*Task to complete*
Treat the line containing "apply: ler_pM." as the last one, and return every line exactly from the first line of the material below up to it.

===============

Lemma rip_cone_head_le s (T : {set 'I_N}) (h : 'cV[R]_N) :
  (0 < s)%N -> 0 <= d -> rip (2 * s) phi d -> (#|T| <= s)%N ->
  \sum_(i in ~: T) `|h i 0| <= \sum_(i in T) `|h i 0| -> phi *m h = 0 ->
  let h01 := restr T h + restr (block s (~: T) (abs_entries h) 0) h in
  (1 - d) * norm2 h01 ^+ 2 <= d * Num.sqrt 2 * norm2 h01 ^+ 2.
Proof.
move=> s_gt0 d_ge0 rip_d card_T cone phi_h.
pose B k := block s (~: T) (abs_entries h) k.
pose h0 := restr T h; pose h1 := restr (B 0%N) h; pose w (k : 'I_N) := restr (B k.+1) h.
have card_B k : (#|B k| <= s)%N by exact: card_block_le.
have disj_TB k : [disjoint T & B k] by rewrite disjoint_sym finset.disjoints_subset block_subset.
have sp2 (S S' : {set 'I_N}) : (#|S| <= s)%N -> (#|S'| <= s)%N ->
    (#|supp (restr S h) :|: supp (restr S' h)| <= 2 * s)%N.
  by move=> cS cS'; apply: leq_trans (card_supp_restrU _ _ _ _) _; rewrite mul2n -addnn leq_add.
have head : norm2sq (phi *m (h0 + h1)) <= d * (norm2 h0 + norm2 h1) * \sum_k norm2 (w k).
  apply: rip_head_tail_le rip_d _ _ _ _ _ => [|k|k|k|k].
  - rewrite -addrA.
    have -> : h1 + \sum_k w k = \sum_(k < N.+1) restr (B k) h by rewrite big_ord_recl.
    by rewrite /B sum_restr_blocks restr_setC.
  - exact: dot_restr_disjoint (disj_TB _).
  - exact: dot_restr_disjoint (disjoint_block _ _ _ _).
  - exact: sp2 card_T (card_B _).
  - exact: sp2 (card_B _) (card_B _).
have lower : (1 - d) * norm2 (h0 + h1) ^+ 2 <= norm2sq (phi *m (h0 + h1)).
  have sp01 : sparse (2 * s) (h0 + h1).
    rewrite /sparse -(scale1r h0) -(scale1r h1).
    exact: leq_trans (subset_leq_card (supp_lin _ _ _ _)) (sp2 _ _ card_T (card_B 0%N)).
  by rewrite norm2_sqr; have /andP[] := rip_d _ sp01.
have h01_orth : dot h0 h1 = 0 := dot_restr_disjoint h h (disj_TB 0%N).
have tail : \sum_k norm2 (w k) <= norm2 h0 := sum_norm2_tail_le s_gt0 card_T cone.
apply: le_trans lower (le_trans head _).
have -> : d * Num.sqrt 2 * norm2 (h0 + h1) ^+ 2
    = d * (Num.sqrt 2 * norm2 (h0 + h1)) * norm2 (h0 + h1) by rewrite expr2; ring.
apply: ler_pM.
- by rewrite mulr_ge0 // addr_ge0 ?norm2_ge0.
- by apply: sumr_ge0 => k _; exact: norm2_ge0.
- by apply: ler_wpM2l => //; exact: norm2_orthD.
- exact: le_trans tail (norm2_le_orthD h01_orth).
Qed.

Lemma rip_null_space_property s (T : {set 'I_N}) (h : 'cV[R]_N) :
  (0 < s)%N -> 0 <= d -> d < Num.sqrt 2 - 1 -> rip (2 * s) phi d -> (#|T| <= s)%N ->
  \sum_(i in ~: T) `|h i 0| <= \sum_(i in T) `|h i 0| -> phi *m h = 0 -> h = 0.
Proof.
move=> s_gt0 d_ge0 d_lt rip_d card_T cone phi_h.
have /= key := rip_cone_head_le s_gt0 d_ge0 rip_d card_T cone phi_h.
set r := norm2 _ in key.
have gap : 0 < 1 - d - d * Num.sqrt 2.
  have s2 : Num.sqrt (2 : R) ^+ 2 = 2 by rewrite sqr_sqrtr // ler0n.
  have := sqrtr_ge0 (2 : R); nra.
have r0 : r = 0.
  have : (1 - d - d * Num.sqrt 2) * r ^+ 2 <= 0 by lra.
  rewrite pmulr_rle0 // => r2_le0.
  by apply/eqP; rewrite -sqrf_eq0 eq_le r2_le0 sqr_ge0.
apply: (cone_restr_eq0 cone); apply: norm2_eq0; apply/le_anti; rewrite norm2_ge0 andbT -r0.
apply: norm2_le_orthD; apply: dot_restr_disjoint.
by rewrite disjoint_sym finset.disjoints_subset block_subset.
Qed.

End NullSpaceProperty.

Section L1Recovery.
Variables (R : realType) (N P s : nat) (phi : 'M[R]_(P, N)) (d : R).
Hypotheses (s_gt0 : (0 < s)%N) (d_ge0 : 0 <= d) (d_lt : d < Num.sqrt 2 - 1).
Hypothesis rip_d : rip (2 * s) phi d.

Lemma l1_cone (x h : 'cV[R]_N) : norm1 (x + h) <= norm1 x ->
  \sum_(i in ~: supp x) `|h i 0| <= \sum_(i in supp x) `|h i 0|.
Proof.
have split_supp (y : 'cV[R]_N) :
    norm1 y = \sum_(i in supp x) `|y i 0| + \sum_(i in ~: supp x) `|y i 0|.
  rewrite /norm1 (bigID (mem (supp x))) /=; congr (_ + _).
  by apply: eq_bigl => i; rewrite !inE.
have off_supp : \sum_(i in ~: supp x) `|(x + h) i 0| = \sum_(i in ~: supp x) `|h i 0|.
  by apply: eq_bigr => i; rewrite !inE negbK mxE => /eqP ->; rewrite add0r.
have on_supp : \sum_(i in supp x) `|x i 0| - \sum_(i in supp x) `|h i 0|
    <= \sum_(i in supp x) `|(x + h) i 0|.
  by rewrite -sumrB; apply: ler_sum => i _; rewrite mxE lerB_normD.
have x_off : \sum_(i in ~: supp x) `|x i 0| = 0.
  by apply: big1 => i; rewrite !inE negbK => /eqP ->; rewrite normr0.
rewrite (split_supp (x + h)) (split_supp x) off_supp x_off; lra.
Qed.

Lemma rip_l1_recovery (x z : 'cV[R]_N) : sparse s x ->
  phi *m z = phi *m x -> norm1 z <= norm1 x -> z = x.
Proof.
move=> sp_x phi_zx z_le; apply/eqP; rewrite -subr_eq0; apply/eqP.
apply: (rip_null_space_property s_gt0 d_ge0 d_lt rip_d sp_x).
  by apply: l1_cone; rewrite addrC subrK.
by rewrite mulmxBr phi_zx subrr.
Qed.

Lemma l1_solution_sparseP (x z : 'cV[R]_N) : sparse s x ->
  l1_solution phi (phi *m x) z <-> z = x.
Proof.
move=> sp_x; split => [[phi_z z_min]|->]; first exact: rip_l1_recovery phi_z (z_min x erefl).
split=> // z' phi_z'; rewrite leNgt; apply/negP => z'_lt.
by move: (z'_lt); rewrite (rip_l1_recovery sp_x phi_z' (ltW z'_lt)) ltxx.
Qed.

End L1Recovery.

Section PinchedStep.
Variables (R : realType) (N : nat) (A : 'I_N -> 'I_N -> bool).
Variables (f : 'I_N -> R -> R) (h : 'I_N -> 'I_N -> R -> R -> R).
Hypotheses (f0 : forall i, f i 0 = 0) (h00 : forall i j, h i j 0 0 = 0).

Lemma nds_step_pinch_neq (q i : 'I_N) (e : R) : i != q ->
  nds_step A f h (pinch q e) i 0 = if A i q then h i q 0 e else 0.
Proof.
move=> iq; rewrite mxE !mxE (negbTE iq) f0 add0r (bigD1 q) //= !mxE eqxx.
by rewrite big1 ?addr0 // => j jq; rewrite !mxE (negbTE jq) h00 if_same.
Qed.

Lemma supp_nds_step_pinch (q : 'I_N) (e : R) :
  (forall i, A i i = false) -> (forall i, h i q 0 e != 0) ->
  supp (nds_step A f h (pinch q e)) :\ q = L1 A q.
Proof.
move=> A_irr h_neq0; apply/setP => i; rewrite !inE.
have [->|iq] := eqVneq i q; first by rewrite A_irr.
by rewrite nds_step_pinch_neq //; case: (A i q); rewrite ?h_neq0 ?eqxx.
Qed.

(* [outdeg] counts a classical set while [L1] is a finset. *)
Lemma card_L1_le (q : 'I_N) : (#|L1 A q| <= maxoutdeg A)%N.
Proof.
apply: leq_trans (leq_bigmax q); apply/eq_leq/eq_card => i.
by rewrite inE; apply/idP/idP => Aiq; [rewrite in_setE | rewrite in_setE in Aiq].
Qed.

End PinchedStep.

Unset Implicit Arguments. Set Strict Implicit. Set Printing Implicit Defensive.

Theorem mainTheorem4 (R : realType) (N P : nat)
  (A : 'I_N -> 'I_N -> bool) (f : 'I_N -> R -> R) (h : 'I_N -> 'I_N -> R -> R -> R)
  (delta : R) (eps : 'I_N -> R) (phi : 'I_N -> 'M[R]_(P, N)) :
  (forall i : 'I_N, A i i = false) ->
  (forall i : 'I_N, f i 0 = 0) ->
  0 < delta ->
  (forall i j : 'I_N, h i j 0 0 = 0 /\ (forall v : R, 0 < `|v| < delta -> h i j 0 v != 0)) ->
  (forall q : 'I_N, 0 < `|eps q| < delta) ->
  (P < N)%N ->
  (forall q : 'I_N, ric (2 * (maxoutdeg A).+1) (phi q) < Num.sqrt 2 - 1) ->
  let x1 := fun q : 'I_N => nds_step A f h (pinch q (eps q)) in
  let y1 := fun q : 'I_N => phi q *m x1 q in
  (forall q : 'I_N, forall z : 'cV[R]_N, l1_solution (phi q) (y1 q) z <-> z = x1 q) /\
  (forall q : 'I_N, supp (x1 q) :\ q = L1 A q) /\
  (forall i j : 'I_N, forall xs : 'cV[R]_N, l1_solution (phi j) (y1 j) xs ->
     (A i j <-> i != j /\ i \in supp xs)).
Proof.
(* [P < N] only makes the recovery problem nontrivial. *)
move=> A_irr f0 _ h_ok eps_ok _ ric_lt x1 y1.
have h00 i j : h i j 0 0 = 0 by case: (h_ok i j).
have supp_x1 q : supp (x1 q) :\ q = L1 A q.
  apply: (supp_nds_step_pinch f0 h00 A_irr) => i.
  by case: (h_ok i q) => _; apply; exact: eps_ok.
have sol q z : l1_solution (phi q) (y1 q) z <-> z = x1 q.
  have c_gt0 : 0 < Num.sqrt (2 : R) - 1.
    by rewrite subr_gt0 -[X in X < _]sqrtr1 ltr_sqrt ?ltr1n.
  have [d [d_ge0 d_lt rip_d]] := ric_lt_rip c_gt0 (ric_lt q).
  have sp_x1 : sparse (maxoutdeg A).+1 (x1 q).
    by apply: (sparse_supp_setD1 (q := q)); rewrite supp_x1 card_L1_le.
  exact: l1_solution_sparseP (ltn0Sn _) d_ge0 d_lt rip_d _ _ sp_x1.
split; first exact: sol.
split; first exact: supp_x1.
move=> i j xs /sol ->; have /setP/(_ i) := supp_x1 j; rewrite !inE => e.
by split => [Aij|[ij iS]]; [move: e; rewrite Aij => /andP[] | rewrite -e ij iS].
Qed.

===============

*Result below*
Lemma rip_cone_head_le s (T : {set 'I_N}) (h : 'cV[R]_N) :
  (0 < s)%N -> 0 <= d -> rip (2 * s) phi d -> (#|T| <= s)%N ->
  \sum_(i in ~: T) `|h i 0| <= \sum_(i in T) `|h i 0| -> phi *m h = 0 ->
  let h01 := restr T h + restr (block s (~: T) (abs_entries h) 0) h in
  (1 - d) * norm2 h01 ^+ 2 <= d * Num.sqrt 2 * norm2 h01 ^+ 2.
Proof.
move=> s_gt0 d_ge0 rip_d card_T cone phi_h.
pose B k := block s (~: T) (abs_entries h) k.
pose h0 := restr T h; pose h1 := restr (B 0%N) h; pose w (k : 'I_N) := restr (B k.+1) h.
have card_B k : (#|B k| <= s)%N by exact: card_block_le.
have disj_TB k : [disjoint T & B k] by rewrite disjoint_sym finset.disjoints_subset block_subset.
have sp2 (S S' : {set 'I_N}) : (#|S| <= s)%N -> (#|S'| <= s)%N ->
    (#|supp (restr S h) :|: supp (restr S' h)| <= 2 * s)%N.
  by move=> cS cS'; apply: leq_trans (card_supp_restrU _ _ _ _) _; rewrite mul2n -addnn leq_add.
have head : norm2sq (phi *m (h0 + h1)) <= d * (norm2 h0 + norm2 h1) * \sum_k norm2 (w k).
  apply: rip_head_tail_le rip_d _ _ _ _ _ => [|k|k|k|k].
  - rewrite -addrA.
    have -> : h1 + \sum_k w k = \sum_(k < N.+1) restr (B k) h by rewrite big_ord_recl.
    by rewrite /B sum_restr_blocks restr_setC.
  - exact: dot_restr_disjoint (disj_TB _).
  - exact: dot_restr_disjoint (disjoint_block _ _ _ _).
  - exact: sp2 card_T (card_B _).
  - exact: sp2 (card_B _) (card_B _).
have lower : (1 - d) * norm2 (h0 + h1) ^+ 2 <= norm2sq (phi *m (h0 + h1)).
  have sp01 : sparse (2 * s) (h0 + h1).
    rewrite /sparse -(scale1r h0) -(scale1r h1).
    exact: leq_trans (subset_leq_card (supp_lin _ _ _ _)) (sp2 _ _ card_T (card_B 0%N)).
  by rewrite norm2_sqr; have /andP[] := rip_d _ sp01.
have h01_orth : dot h0 h1 = 0 := dot_restr_disjoint h h (disj_TB 0%N).
have tail : \sum_k norm2 (w k) <= norm2 h0 := sum_norm2_tail_le s_gt0 card_T cone.
apply: le_trans lower (le_trans head _).
have -> : d * Num.sqrt 2 * norm2 (h0 + h1) ^+ 2
    = d * (Num.sqrt 2 * norm2 (h0 + h1)) * norm2 (h0 + h1) by rewrite expr2; ring.
apply: ler_pM.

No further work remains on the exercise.